PROVIDED DATA
(* Let $S$ be a monoid, $A_S$ a right $S$-act, and $A_1\subseteq A_2\subseteq\cdots\subseteq A_n=A$ subacts. Then $A_S$ is artinian (resp. noetherian, Rees artinian, Rees noetherian) if and only if $A_1$ and all Rees factor acts $A_{i+1}/A_i$, $1\le i\le n-1$, are artinian (resp. noetherian, Rees artinian, Rees noetherian).
   Context: For a subact $B\subseteq A$, the Rees factor act $A/B$ is the quotient of $A$ by the Rees congruence $(B\times B)\cup\Delta_A$. A right $S$-act is artinian (noetherian) if its lattice of congruences satisfies the descending (ascending) chain condition; Rees artinian (Rees noetherian) if its subacts satisfy the descending (ascending) chain condition. *)

From Stdlib Require Import Arith Lia ClassicalEpsilon FunctionalExtensionality
  PropExtensionality ProofIrrelevance.

Set Implicit Arguments.

Record monoid := Monoid {
  mcar :> Type;
  mmul : mcar -> mcar -> mcar;
  mone : mcar;
  mmulA : forall x y z, mmul x (mmul y z) = mmul (mmul x y) z;
  mmul1l : forall x, mmul mone x = x;
  mmul1r : forall x, mmul x mone = x
}.

Record ract (M : monoid) := RAct {
  acar :> Type;
  act : acar -> M -> acar;
  act1 : forall a, act a (mone M) = a;
  actM : forall a s t, act (act a s) t = act a (mmul M s t)
}.
Arguments act {M} r a s.

Section Acts.
Variable M : monoid.

Definition is_congruence (A : ract M) (r : A -> A -> Prop) : Prop :=
  (forall a, r a a) /\ (forall a b, r a b -> r b a) /\
  (forall a b c, r a b -> r b c -> r a c) /\
  (forall a b s, r a b -> r (act A a s) (act A b s)).

Arguments is_congruence {A} r.

Record cong (A : ract M) := Cong { crel :> A -> A -> Prop; crelP : is_congruence crel }.

(* Subacts (subsets closed under the action; possibly empty). *)
Definition is_subact (A : ract M) (P : A -> Prop) : Prop :=
  forall a s, P a -> P (act A a s).

Arguments is_subact {A} P.

Record subact (A : ract M) := Subact { spred :> A -> Prop; spredP : is_subact spred }.

Definition sub_car (A : ract M) (B : subact A) := {a : A | B a}.

Definition sub_act_op (A : ract M) (B : subact A) (x : sub_car B) (s : M) : sub_car B :=
  exist _ (act A (proj1_sig x) s) (spredP B _ s (proj2_sig x)).

Lemma sub_act_1 (A : ract M) (B : subact A) (x : sub_car B) : sub_act_op x (mone M) = x.
Proof.
  destruct x as [a Ha]; unfold sub_act_op; simpl.
  apply eq_sig_hprop; [intros; apply proof_irrelevance | simpl; apply act1].
Qed.

Lemma sub_act_M (A : ract M) (B : subact A) (x : sub_car B) s t :
  sub_act_op (sub_act_op x s) t = sub_act_op x (mmul M s t).
Proof.
  destruct x as [a Ha]; unfold sub_act_op; simpl.
  apply eq_sig_hprop; [intros; apply proof_irrelevance | simpl; apply actM].
Qed.

Definition sub_act (A : ract M) (B : subact A) : ract M :=
  @RAct M (sub_car B) (@sub_act_op A B) (@sub_act_1 A B) (@sub_act_M A B).

(* Restriction of a subact B of A to a subact C of A (the set B ∩ C viewed
   inside the act C); when B ⊆ C this is B as a subact of C. *)
Definition restrict (A : ract M) (B C : subact A) : subact (sub_act C).
Proof.
  refine (@Subact (sub_act C) (fun x => B (proj1_sig x)) _).
  intros x s Hx. simpl. apply (spredP B). exact Hx.
Defined.

Definition qcar (A : ract M) (r : cong A) := {X : A -> Prop | exists a, X = r a}.

Definition qrep (A : ract M) (r : cong A) (X : qcar r) : A :=
  proj1_sig (constructive_indefinite_description _ (proj2_sig X)).

Lemma qrepP (A : ract M) (r : cong A) (X : qcar r) : proj1_sig X = r (qrep X).
Proof. unfold qrep; destruct (constructive_indefinite_description _ _); auto. Qed.

Definition qclass (A : ract M) (r : cong A) (a : A) : qcar r :=
  exist _ (r a) (ex_intro _ a eq_refl).

Definition q_act_op (A : ract M) (r : cong A) (X : qcar r) (s : M) : qcar r :=
  qclass r (act A (qrep X) s).

Lemma qclass_eq (A : ract M) (r : cong A) a b : r a b -> r a = r b.
Proof.
  destruct (crelP r) as [Hr [Hs [Ht _]]]; intros Hab.
  apply functional_extensionality; intro c; apply propositional_extensionality.
  split; intros H; eauto.
Qed.

Lemma qeq (A : ract M) (r : cong A) (X Y : qcar r) : proj1_sig X = proj1_sig Y -> X = Y.
Proof. intros; apply eq_sig_hprop; auto; intros; apply proof_irrelevance. Qed.
Theorem lemmaD4 (R : realType) (X : Type) (T : countType)
  (pt pg r : X -> T -> R) (beta : R) (n : nat) (x : X) (phimax phimin : R) :
  full_support_distr pt -> full_support_distr pg ->
  0 < beta -> (1 <= n)%N ->
  (forall x' y, phib pt pg r beta x' y <= phimax) ->
  (exists x' y, phib pt pg r beta x' y = phimax) ->
  (forall x' y, phimin <= phib pt pg r beta x' y) ->
  (exists x' y, phib pt pg r beta x' y = phimin) ->
  (I1 pt pg r beta x n <= (4 / (n%:R) ^+ 2 * (phimax / phimin))%:E)%E.
Proof.
move=> pt_pos pg_pos _ n_ge1 phi_le _ phi_ge [x' [y' phimin_eq]].
have [pg_gt0 pg_sum1] := pg_pos x.
have phimin_gt0 : 0 < phimin.
  have [pt_gt0 _] := pt_pos x'; have [pg'_gt0 _] := pg_pos x'.
  by rewrite -phimin_eq /phib mulr_gt0 ?expR_gt0// divr_gt0.
have phimax_ge0 : 0 <= phimax.
  exact: le_trans (ltW phimin_gt0) (le_trans (phi_ge x' y') (phi_le x' y')).
have I_le := integral_region1_le (fun t => ltW (pg_gt0 t)) pg_sum1 phimin_gt0
  (phi_ge x) phimax_ge0 (phi_le x) n_ge1.
rewrite /I1; apply: le_trans (lee_wpmul2l _ I_le) _.
  by rewrite lee_fin invr_ge0 subr_ge0 expR_le1 oppr_le0 ler0n.
rewrite -EFinM lee_fin.
rewrite (_ : 4 / _ * _ = 2 * (2 / n%:R ^+ 2 * (phimax / phimin))).
  apply: ler_wpM2r; first by rewrite !mulr_ge0 ?invr_ge0 ?exprn_ge0// ltW.
  by apply: invr_1_sub_expRN_le2; rewrite ler1n.
by rewrite !mulrA -natrM.
Qed.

WHAT TO DO
From the data above, output only the lines between the line containing "split; intros H; eauto." and the line containing "Theorem lemmaD4 (R", inclusive, exactly as written.

RESPONSE BOX
  split; intros H; eauto.
Qed.

Lemma qeq (A : ract M) (r : cong A) (X Y : qcar r) : proj1_sig X = proj1_sig Y -> X = Y.
Proof. intros; apply eq_sig_hprop; auto; intros; apply proof_irrelevance. Qed.
Theorem lemmaD4 (R : realType) (X : Type) (T : countType)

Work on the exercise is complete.